Ormelle e Motta, in Keter arriva il premio variabile: accordo per 700 lavoratori
Via libera delle assemblee all’intesa negli stabilimenti trevigiani: quota base da 800 euro lordi, con possibilità di salire fino a circa 1.200.
Nei due poli produttivi Keter del Trevigiano prende forma una novità attesa sul fronte salariale. Le assemblee dei lavoratori hanno approvato l’accordo che introduce un premio di risultato destinato a circa 700 addetti tra Ormelle e Motta di Livenza.
Per l’azienda si tratta del primo ingresso strutturato della contrattazione di secondo livello in busta paga. L’intesa, firmata il 27 luglio 2026 dalla direzione e dalle Rsu di Filctem Cgil Treviso e Femca Cisl Belluno Treviso, prevede che il riconoscimento economico venga corrisposto a partire da maggio 2027.
Quanto vale il nuovo premio
La soglia di partenza è fissata in 800 euro lordi all’anno. L’importo potrà aumentare fino a circa 1.200 euro lordi, sulla base di risultati legati ad alcuni parametri individuati nell’accordo.
Tra gli indicatori presi in considerazione ci sono sicurezza, produttività e qualità, insieme a una componente collegata alle prestazioni individuali. È prevista inoltre la possibilità di trasformare la somma, o incrementarla, attraverso strumenti di welfare aziendale.
Un passaggio che riguarda due fabbriche del territorio
La misura coinvolge gli stabilimenti di Ormelle e Motta di Livenza, due siti che occupano complessivamente 700 persone. Keter Italia opera nella progettazione e nella produzione di articoli in plastica e resina ed è parte del gruppo Keter.
Nel quadro industriale della provincia di Treviso, l’accordo assume un peso particolare perché interessa una realtà di grandi dimensioni del comparto gomma-plastica. Il meccanismo scelto lega una parte del trattamento economico ai risultati raggiunti dall’organizzazione produttiva e al contributo del personale.
La lettura dei sindacati
Per Vincenzo Caldarella della Femca Cisl e Ivan Bellato della Filctem Cgil territoriali, l’intesa segna un passaggio rilevante nella storia aziendale. I rappresentanti sindacali parlano di un risultato importante perché introduce un sistema stabile di premio collegato alla performance e alla ricchezza generata dal lavoro.

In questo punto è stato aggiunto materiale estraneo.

Lemma Rintegral_tangential_force c :
  \int[mu]_(p in `[0, 2 * pi]) tangential_force c p = 0.
Proof.
rewrite mulr_natl mulr2n; apply: Rintegral_odd_periodic; first exact: pi_ge0.
- exact: continuous_tangential_force.
- by move=> p; rewrite /tangential_force /ring_force /chord cosN sinN !mulrN.
- by move=> p; rewrite /tangential_force /ring_force /chord -mulr2n cosD2pi sinD2pi.
Qed.

Lemma Rintegral_ring_component (k : R -> R) (a b c t : R) :
  0 <= t <= 2 * pi -> periodic k (2 * pi) ->
  (forall p, k (p + t) = a * radial_force c p + b * tangential_force c p) ->
  \int[mu]_(p in `[0, 2 * pi]) k p = a * \int[mu]_(p in `[0, 2 * pi]) radial_force c p.
Proof.
move=> t02 kP kE.
have k_cont : continuous k.
  have -> : k = fun p => a * radial_force c (p - t) + b * tangential_force c (p - t).
    by apply/funext => p; rewrite -kE subrK.
  move=> p; apply: cvgD; apply: cvgM; try exact: cvg_cst.
  - apply: (@continuous_comp _ _ _ (fun x => x - t)); last exact: continuous_radial_force.
    by apply: cvgB; [exact: cvg_id | exact: cvg_cst].
  - apply: (@continuous_comp _ _ _ (fun x => x - t)); last exact: continuous_tangential_force.
    by apply: cvgB; [exact: cvg_id | exact: cvg_cst].
rewrite (Rintegral_periodic_shift _ _ _ t02 k_cont kP).
under eq_Rintegral => p _ do rewrite kE.
rewrite RintegralD //; last 2 first.
- apply: continuous_integrable_itv => p.
  by apply: cvgM; [exact: cvg_cst | exact: continuous_radial_force].
- apply: continuous_integrable_itv => p.
  by apply: cvgM; [exact: cvg_cst | exact: continuous_tangential_force].
rewrite !RintegralZl ?continuous_integrable_itv //.
- by rewrite Rintegral_tangential_force mulr0 addr0.
- exact: continuous_tangential_force.
- exact: continuous_radial_force.
Qed.
(* [t = z^k a b] is chosen with the type of [r^2 / (a b)], so that [(b/r) t] has
   the type of [u] and [(a/r) t] that of [v]. *)
Lemma lsym_bezout_nonzero a b r u v ea eb er ca cb cr :
  ea ^+ 2 = 1 -> eb ^+ 2 = 1 -> er ^+ 2 = 1 ->
  lsym_type a ea ca -> lsym_type b eb cb -> lsym_type r er cr ->
  lval a != 0 -> lval b != 0 -> ldvd r a -> ldvd r b ->
  lsym_type u (er * ea) (cr - ca) -> lsym_type v (er * eb) (cr - cb) ->
  lval a * lval u + lval b * lval v = lval r ->
  exists u' v', [/\ lsym_type u' (er * ea) (cr - ca), lsym_type v' (er * eb) (cr - cb),
    lval u' != 0, lval v' != 0 & lval a * lval u' + lval b * lval v' = lval r].
Proof.
move=> ea2 eb2 er2 Ha Hb Hr a0 b0 ra rb Hu Hv bez.
have r0 := ldvd_neq0 ra a0; have [aq raq] := ra; have [bq rbq] := rb.
have aq0 : lval aq != 0 by apply: contraNneq a0; rewrite -raq => ->; rewrite mulr0.
have bq0 : lval bq != 0 by apply: contraNneq b0; rewrite -rbq => ->; rewrite mulr0.
pose k := cr - ca - cb; pose t := lmul (lmon k) (lmul a b).
have Ht := lsym_typeM (lsym_type_lmon k) (lsym_typeM Ha Hb).
have t0 : lval t != 0.
  by rewrite !lval_lmul lval_lmon (mulf_neq0 (zvarz_neq0 _) (mulf_neq0 a0 b0)).
have natK_inj : injective (fun n : nat => (n%:R : R[i])%:K).
  by move=> m n /constK_inj /eqP; rewrite eqr_nat => /eqP.
have aqt0 : - (lval aq * lval t) != 0 by rewrite oppr_eq0 (mulf_neq0 aq0 t0).
have [n [u1_0 v1_0]] := exists_nonroot2 (lval u) (lval v) natK_inj (mulf_neq0 bq0 t0) aqt0.
exists (ladd u (lscale n%:R (lmul bq t))), (ladd v (lscale (- n%:R) (lmul aq t))).
rewrite !lval_ladd !lval_lscale (lval_lmul bq t) (lval_lmul aq t) polyCN tofracN mulNr -mulrN.
split; [| | exact: u1_0 | exact: v1_0 |].
- apply: lsym_typeD Hu _; apply: lsym_typeZ.
  have -> : er * ea = er * eb * (1 * (ea * eb)) by ring: eb2.
  have -> : cr - ca = cb - cr + (k + k + (ca + cb)) by rewrite /k; ring.
  exact: lsym_typeM (lsym_type_quot er2 r0 Hr Hb rbq) Ht.
- apply: lsym_typeD Hv _; apply: lsym_typeZ.
  have -> : er * eb = er * ea * (1 * (ea * eb)) by ring: ea2.
  have -> : cr - cb = ca - cr + (k + k + (ca + cb)) by rewrite /k; ring.
  exact: lsym_typeM (lsym_type_quot er2 r0 Hr Ha raq) Ht.
- by rewrite -bez -raq -rbq; ring.
Qed.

Nella valutazione delle organizzazioni sindacali, il nuovo strumento rappresenta anche un riconoscimento concreto per lavoratrici e lavoratori dei due impianti trevigiani. Lo inseriscono inoltre in un confronto più ampio con l’impresa, con l’obiettivo di rafforzare nel tempo tenuta occupazionale e competitività produttiva.
Dopo la firma di fine luglio e il successivo consenso espresso nelle assemblee, il percorso entra quindi nella fase applicativa. Il primo appuntamento indicato dall’accordo resta quello di maggio 2027, quando il premio dovrebbe comparire per la prima volta nelle buste paga dei dipendenti coinvolti.